### Supplied material
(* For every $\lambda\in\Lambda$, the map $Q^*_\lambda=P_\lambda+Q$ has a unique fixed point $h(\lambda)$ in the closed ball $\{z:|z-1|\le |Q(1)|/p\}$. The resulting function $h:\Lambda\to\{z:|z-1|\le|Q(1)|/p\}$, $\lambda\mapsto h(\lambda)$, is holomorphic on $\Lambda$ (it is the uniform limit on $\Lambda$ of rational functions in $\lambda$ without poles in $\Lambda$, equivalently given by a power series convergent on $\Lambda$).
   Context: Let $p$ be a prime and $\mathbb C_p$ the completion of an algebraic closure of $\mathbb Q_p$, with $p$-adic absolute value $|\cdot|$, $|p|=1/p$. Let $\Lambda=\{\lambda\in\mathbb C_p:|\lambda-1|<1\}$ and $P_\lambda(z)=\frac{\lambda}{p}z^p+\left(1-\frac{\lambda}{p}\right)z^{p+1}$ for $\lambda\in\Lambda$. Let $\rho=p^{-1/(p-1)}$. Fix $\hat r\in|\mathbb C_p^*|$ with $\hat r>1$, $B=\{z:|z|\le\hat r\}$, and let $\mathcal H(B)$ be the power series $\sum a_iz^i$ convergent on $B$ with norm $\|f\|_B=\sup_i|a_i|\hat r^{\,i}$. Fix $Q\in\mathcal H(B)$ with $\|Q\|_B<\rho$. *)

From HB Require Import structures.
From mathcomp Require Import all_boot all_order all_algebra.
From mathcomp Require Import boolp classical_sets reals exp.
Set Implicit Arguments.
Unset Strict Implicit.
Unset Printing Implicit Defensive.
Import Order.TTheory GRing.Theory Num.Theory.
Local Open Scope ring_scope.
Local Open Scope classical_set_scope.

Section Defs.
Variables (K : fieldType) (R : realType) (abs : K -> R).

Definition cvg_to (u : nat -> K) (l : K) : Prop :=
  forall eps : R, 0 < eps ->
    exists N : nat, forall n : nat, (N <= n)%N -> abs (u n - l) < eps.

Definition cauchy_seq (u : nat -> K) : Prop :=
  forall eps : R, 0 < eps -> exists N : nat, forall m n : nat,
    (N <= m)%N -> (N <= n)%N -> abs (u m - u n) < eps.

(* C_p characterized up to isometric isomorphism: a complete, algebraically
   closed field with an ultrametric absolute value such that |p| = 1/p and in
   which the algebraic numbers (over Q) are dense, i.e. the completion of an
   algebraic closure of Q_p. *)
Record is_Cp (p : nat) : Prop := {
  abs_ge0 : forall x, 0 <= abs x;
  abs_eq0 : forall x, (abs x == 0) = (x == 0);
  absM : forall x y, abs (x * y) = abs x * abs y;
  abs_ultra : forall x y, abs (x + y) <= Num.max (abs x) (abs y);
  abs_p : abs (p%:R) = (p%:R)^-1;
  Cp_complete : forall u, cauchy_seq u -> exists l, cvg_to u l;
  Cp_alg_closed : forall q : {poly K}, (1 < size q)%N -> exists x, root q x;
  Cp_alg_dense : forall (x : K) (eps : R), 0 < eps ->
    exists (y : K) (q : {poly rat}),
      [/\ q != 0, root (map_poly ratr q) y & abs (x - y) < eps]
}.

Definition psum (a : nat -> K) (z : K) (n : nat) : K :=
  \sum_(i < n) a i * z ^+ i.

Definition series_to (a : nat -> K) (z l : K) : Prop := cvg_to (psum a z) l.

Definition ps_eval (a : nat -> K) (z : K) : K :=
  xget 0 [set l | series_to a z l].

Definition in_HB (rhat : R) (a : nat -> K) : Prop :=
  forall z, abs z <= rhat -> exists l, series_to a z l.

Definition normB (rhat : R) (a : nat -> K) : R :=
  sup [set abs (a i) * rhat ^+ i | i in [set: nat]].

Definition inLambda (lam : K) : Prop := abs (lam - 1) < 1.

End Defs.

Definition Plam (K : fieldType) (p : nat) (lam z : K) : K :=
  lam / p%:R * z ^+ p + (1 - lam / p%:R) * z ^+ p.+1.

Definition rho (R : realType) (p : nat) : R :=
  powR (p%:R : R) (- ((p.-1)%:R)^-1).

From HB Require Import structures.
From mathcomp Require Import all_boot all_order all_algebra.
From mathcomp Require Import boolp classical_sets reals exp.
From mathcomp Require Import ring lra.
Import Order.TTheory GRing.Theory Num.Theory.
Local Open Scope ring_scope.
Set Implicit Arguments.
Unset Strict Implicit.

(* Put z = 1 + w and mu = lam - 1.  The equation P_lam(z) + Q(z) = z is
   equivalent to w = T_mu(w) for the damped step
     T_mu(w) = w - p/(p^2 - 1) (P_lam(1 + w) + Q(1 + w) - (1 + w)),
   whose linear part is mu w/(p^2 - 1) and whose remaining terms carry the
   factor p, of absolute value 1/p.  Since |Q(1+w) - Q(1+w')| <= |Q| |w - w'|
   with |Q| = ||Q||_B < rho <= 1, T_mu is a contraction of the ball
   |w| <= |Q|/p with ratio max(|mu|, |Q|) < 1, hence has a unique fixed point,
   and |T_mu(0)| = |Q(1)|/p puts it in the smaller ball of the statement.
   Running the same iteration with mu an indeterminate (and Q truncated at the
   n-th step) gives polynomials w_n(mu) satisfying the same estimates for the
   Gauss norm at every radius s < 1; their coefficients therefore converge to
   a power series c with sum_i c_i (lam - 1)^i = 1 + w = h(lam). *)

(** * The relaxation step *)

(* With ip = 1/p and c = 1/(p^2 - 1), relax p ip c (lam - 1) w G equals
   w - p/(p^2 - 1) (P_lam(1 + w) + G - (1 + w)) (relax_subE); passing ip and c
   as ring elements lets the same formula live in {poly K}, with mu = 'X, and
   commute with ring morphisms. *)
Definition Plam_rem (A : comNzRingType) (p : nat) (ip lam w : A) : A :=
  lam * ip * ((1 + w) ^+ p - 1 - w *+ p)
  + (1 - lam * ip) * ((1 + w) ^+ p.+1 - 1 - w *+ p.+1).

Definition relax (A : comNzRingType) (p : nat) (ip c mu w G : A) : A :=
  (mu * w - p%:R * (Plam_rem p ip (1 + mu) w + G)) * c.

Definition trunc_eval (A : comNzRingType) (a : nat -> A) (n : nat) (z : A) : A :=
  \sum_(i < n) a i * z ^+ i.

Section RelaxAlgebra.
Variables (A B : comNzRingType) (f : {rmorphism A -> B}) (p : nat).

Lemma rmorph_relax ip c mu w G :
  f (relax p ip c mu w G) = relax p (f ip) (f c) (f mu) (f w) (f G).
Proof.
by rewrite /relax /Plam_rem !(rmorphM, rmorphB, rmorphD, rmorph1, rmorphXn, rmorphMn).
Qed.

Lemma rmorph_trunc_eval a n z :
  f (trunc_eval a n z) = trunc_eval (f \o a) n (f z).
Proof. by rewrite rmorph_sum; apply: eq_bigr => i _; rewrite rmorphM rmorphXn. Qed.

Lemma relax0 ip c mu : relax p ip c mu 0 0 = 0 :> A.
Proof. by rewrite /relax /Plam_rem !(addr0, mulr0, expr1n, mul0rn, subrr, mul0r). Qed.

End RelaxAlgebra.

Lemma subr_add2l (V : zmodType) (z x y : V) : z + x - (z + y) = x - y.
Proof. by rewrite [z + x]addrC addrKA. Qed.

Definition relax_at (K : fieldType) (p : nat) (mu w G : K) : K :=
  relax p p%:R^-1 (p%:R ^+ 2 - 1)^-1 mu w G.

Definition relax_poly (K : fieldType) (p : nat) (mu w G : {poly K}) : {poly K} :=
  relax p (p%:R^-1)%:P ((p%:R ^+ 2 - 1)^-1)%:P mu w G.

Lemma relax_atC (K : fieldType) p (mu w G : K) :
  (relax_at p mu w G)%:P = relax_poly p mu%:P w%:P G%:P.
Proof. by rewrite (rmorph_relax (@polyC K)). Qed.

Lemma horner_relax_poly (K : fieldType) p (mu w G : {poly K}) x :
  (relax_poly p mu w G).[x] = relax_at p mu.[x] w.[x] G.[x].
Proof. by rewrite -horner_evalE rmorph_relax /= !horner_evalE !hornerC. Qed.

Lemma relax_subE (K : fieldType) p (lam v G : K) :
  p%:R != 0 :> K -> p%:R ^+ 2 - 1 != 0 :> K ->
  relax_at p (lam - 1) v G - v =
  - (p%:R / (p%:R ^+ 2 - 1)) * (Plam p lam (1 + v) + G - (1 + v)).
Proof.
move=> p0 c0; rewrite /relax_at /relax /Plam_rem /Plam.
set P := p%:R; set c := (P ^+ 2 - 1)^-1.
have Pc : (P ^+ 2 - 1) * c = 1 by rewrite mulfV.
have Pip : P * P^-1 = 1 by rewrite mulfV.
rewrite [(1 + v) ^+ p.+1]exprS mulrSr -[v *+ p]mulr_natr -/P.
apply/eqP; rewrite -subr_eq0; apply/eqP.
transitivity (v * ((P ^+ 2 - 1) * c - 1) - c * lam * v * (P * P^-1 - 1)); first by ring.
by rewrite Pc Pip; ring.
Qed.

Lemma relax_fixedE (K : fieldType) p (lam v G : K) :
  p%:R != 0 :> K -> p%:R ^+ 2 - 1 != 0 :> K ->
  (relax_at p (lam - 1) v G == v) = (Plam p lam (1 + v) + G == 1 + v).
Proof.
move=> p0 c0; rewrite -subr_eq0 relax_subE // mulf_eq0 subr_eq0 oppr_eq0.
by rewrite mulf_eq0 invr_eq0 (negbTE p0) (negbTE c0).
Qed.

--

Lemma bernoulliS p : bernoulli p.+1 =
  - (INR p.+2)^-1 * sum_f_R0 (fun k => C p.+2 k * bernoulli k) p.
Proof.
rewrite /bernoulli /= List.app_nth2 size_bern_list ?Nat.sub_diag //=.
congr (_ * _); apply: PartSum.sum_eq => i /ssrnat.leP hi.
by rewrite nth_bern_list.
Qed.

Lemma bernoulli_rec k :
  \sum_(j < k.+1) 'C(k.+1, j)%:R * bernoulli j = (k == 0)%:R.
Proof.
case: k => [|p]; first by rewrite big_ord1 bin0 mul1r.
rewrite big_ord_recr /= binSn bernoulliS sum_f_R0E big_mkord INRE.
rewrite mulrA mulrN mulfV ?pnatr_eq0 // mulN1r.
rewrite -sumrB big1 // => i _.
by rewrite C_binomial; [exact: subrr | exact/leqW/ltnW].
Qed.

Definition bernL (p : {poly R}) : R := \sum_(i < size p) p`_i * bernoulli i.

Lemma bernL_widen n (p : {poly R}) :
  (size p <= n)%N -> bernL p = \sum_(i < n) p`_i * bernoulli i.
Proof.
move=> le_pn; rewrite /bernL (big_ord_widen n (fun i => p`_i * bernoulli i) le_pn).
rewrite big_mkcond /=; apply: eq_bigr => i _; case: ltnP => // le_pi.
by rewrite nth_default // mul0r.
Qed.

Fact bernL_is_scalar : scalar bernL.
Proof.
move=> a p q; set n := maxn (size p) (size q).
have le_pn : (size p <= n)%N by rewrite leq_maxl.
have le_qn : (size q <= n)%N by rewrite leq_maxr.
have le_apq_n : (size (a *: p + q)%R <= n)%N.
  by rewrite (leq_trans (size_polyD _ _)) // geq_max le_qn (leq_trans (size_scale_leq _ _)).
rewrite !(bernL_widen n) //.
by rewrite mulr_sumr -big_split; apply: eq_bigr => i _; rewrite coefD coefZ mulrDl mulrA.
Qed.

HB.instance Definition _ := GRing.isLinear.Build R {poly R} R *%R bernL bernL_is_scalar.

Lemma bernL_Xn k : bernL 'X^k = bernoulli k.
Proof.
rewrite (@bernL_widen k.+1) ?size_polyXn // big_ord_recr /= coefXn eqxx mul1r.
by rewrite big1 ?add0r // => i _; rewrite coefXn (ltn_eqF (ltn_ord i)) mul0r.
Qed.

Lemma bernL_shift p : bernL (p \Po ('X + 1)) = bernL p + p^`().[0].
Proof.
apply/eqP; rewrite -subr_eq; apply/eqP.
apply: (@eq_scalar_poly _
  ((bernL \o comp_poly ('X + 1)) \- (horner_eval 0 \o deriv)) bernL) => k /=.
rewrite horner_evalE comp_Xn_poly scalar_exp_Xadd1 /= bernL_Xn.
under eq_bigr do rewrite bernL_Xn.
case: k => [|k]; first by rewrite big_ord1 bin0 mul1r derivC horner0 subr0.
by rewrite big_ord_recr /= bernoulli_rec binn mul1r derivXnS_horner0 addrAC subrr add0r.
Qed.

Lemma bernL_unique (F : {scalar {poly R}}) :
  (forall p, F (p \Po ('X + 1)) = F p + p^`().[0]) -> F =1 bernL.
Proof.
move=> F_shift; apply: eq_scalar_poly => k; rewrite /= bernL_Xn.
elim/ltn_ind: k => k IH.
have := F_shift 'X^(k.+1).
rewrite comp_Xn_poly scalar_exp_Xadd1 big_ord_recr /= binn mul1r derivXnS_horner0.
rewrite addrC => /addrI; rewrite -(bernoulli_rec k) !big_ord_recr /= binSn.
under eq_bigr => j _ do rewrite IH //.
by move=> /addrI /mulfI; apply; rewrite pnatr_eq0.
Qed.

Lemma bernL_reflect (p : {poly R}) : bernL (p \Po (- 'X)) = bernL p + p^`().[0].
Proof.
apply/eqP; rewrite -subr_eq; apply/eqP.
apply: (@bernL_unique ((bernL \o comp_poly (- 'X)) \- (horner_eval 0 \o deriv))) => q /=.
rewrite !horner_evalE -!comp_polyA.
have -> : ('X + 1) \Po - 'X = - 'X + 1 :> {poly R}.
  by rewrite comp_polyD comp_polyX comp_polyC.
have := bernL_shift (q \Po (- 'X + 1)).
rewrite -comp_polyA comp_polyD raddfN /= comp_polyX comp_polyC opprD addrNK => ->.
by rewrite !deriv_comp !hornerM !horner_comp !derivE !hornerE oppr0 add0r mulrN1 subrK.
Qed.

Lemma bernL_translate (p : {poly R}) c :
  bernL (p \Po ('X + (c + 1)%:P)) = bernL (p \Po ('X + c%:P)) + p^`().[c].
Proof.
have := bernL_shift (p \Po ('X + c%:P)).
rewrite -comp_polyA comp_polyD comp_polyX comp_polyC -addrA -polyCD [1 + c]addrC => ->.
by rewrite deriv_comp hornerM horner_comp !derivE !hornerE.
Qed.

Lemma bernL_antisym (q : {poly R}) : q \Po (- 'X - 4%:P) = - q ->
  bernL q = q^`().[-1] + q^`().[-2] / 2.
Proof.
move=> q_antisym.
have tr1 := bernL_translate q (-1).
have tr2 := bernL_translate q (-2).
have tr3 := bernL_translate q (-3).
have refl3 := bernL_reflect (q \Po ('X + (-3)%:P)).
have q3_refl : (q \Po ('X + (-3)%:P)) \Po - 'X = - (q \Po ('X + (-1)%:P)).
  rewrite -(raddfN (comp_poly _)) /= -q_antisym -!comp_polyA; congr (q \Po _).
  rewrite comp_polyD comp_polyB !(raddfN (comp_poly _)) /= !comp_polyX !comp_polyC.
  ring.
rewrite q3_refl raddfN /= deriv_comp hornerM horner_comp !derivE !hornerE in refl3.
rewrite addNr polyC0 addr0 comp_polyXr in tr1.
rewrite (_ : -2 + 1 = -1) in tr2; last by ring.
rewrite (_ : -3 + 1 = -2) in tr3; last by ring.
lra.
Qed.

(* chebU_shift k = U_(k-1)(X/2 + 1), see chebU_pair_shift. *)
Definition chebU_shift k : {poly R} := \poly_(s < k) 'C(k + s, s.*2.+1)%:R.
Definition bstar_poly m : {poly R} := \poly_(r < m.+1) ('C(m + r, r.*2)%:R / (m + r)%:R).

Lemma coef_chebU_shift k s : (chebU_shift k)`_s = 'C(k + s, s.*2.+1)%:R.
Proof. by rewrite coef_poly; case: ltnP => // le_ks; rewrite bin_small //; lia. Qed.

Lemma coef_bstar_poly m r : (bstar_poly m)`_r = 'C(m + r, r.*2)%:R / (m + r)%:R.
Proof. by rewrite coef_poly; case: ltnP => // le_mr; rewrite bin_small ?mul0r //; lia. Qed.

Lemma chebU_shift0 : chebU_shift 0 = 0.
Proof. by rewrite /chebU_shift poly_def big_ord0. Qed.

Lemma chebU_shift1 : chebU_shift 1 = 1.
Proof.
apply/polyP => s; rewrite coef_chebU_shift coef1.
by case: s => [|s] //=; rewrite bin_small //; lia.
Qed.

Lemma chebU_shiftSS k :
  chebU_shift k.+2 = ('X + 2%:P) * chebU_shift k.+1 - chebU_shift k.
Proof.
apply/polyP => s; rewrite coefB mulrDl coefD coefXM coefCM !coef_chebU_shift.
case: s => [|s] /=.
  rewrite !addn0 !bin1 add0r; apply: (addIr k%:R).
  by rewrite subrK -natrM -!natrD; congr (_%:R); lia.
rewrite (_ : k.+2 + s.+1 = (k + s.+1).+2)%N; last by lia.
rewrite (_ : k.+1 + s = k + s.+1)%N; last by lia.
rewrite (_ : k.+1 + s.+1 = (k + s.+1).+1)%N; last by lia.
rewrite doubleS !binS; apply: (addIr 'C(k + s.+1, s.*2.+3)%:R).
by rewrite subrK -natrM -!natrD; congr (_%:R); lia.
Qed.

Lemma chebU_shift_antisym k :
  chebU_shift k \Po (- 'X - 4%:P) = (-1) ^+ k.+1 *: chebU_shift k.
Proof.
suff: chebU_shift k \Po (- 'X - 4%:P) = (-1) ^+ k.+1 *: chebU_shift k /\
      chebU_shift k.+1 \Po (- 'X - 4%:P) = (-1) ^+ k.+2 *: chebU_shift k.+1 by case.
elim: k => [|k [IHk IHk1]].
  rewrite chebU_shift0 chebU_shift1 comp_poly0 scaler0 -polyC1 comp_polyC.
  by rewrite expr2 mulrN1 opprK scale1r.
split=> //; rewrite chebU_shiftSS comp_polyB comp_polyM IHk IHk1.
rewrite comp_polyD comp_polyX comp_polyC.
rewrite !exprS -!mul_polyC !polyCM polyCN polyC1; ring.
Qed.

### Your assignment
All that should be written out is the stretch of lines above between the one holding "(* For every" and the one holding "exists N : nat, forall n", inclusive, exactly as given.

### Completed exercise
(* For every $\lambda\in\Lambda$, the map $Q^*_\lambda=P_\lambda+Q$ has a unique fixed point $h(\lambda)$ in the closed ball $\{z:|z-1|\le |Q(1)|/p\}$. The resulting function $h:\Lambda\to\{z:|z-1|\le|Q(1)|/p\}$, $\lambda\mapsto h(\lambda)$, is holomorphic on $\Lambda$ (it is the uniform limit on $\Lambda$ of rational functions in $\lambda$ without poles in $\Lambda$, equivalently given by a power series convergent on $\Lambda$).
   Context: Let $p$ be a prime and $\mathbb C_p$ the completion of an algebraic closure of $\mathbb Q_p$, with $p$-adic absolute value $|\cdot|$, $|p|=1/p$. Let $\Lambda=\{\lambda\in\mathbb C_p:|\lambda-1|<1\}$ and $P_\lambda(z)=\frac{\lambda}{p}z^p+\left(1-\frac{\lambda}{p}\right)z^{p+1}$ for $\lambda\in\Lambda$. Let $\rho=p^{-1/(p-1)}$. Fix $\hat r\in|\mathbb C_p^*|$ with $\hat r>1$, $B=\{z:|z|\le\hat r\}$, and let $\mathcal H(B)$ be the power series $\sum a_iz^i$ convergent on $B$ with norm $\|f\|_B=\sup_i|a_i|\hat r^{\,i}$. Fix $Q\in\mathcal H(B)$ with $\|Q\|_B<\rho$. *)

From HB Require Import structures.
From mathcomp Require Import all_boot all_order all_algebra.
From mathcomp Require Import boolp classical_sets reals exp.
Set Implicit Arguments.
Unset Strict Implicit.
Unset Printing Implicit Defensive.
Import Order.TTheory GRing.Theory Num.Theory.
Local Open Scope ring_scope.
Local Open Scope classical_set_scope.

Section Defs.
Variables (K : fieldType) (R : realType) (abs : K -> R).

Definition cvg_to (u : nat -> K) (l : K) : Prop :=
  forall eps : R, 0 < eps ->
    exists N : nat, forall n : nat, (N <= n)%N -> abs (u n - l) < eps.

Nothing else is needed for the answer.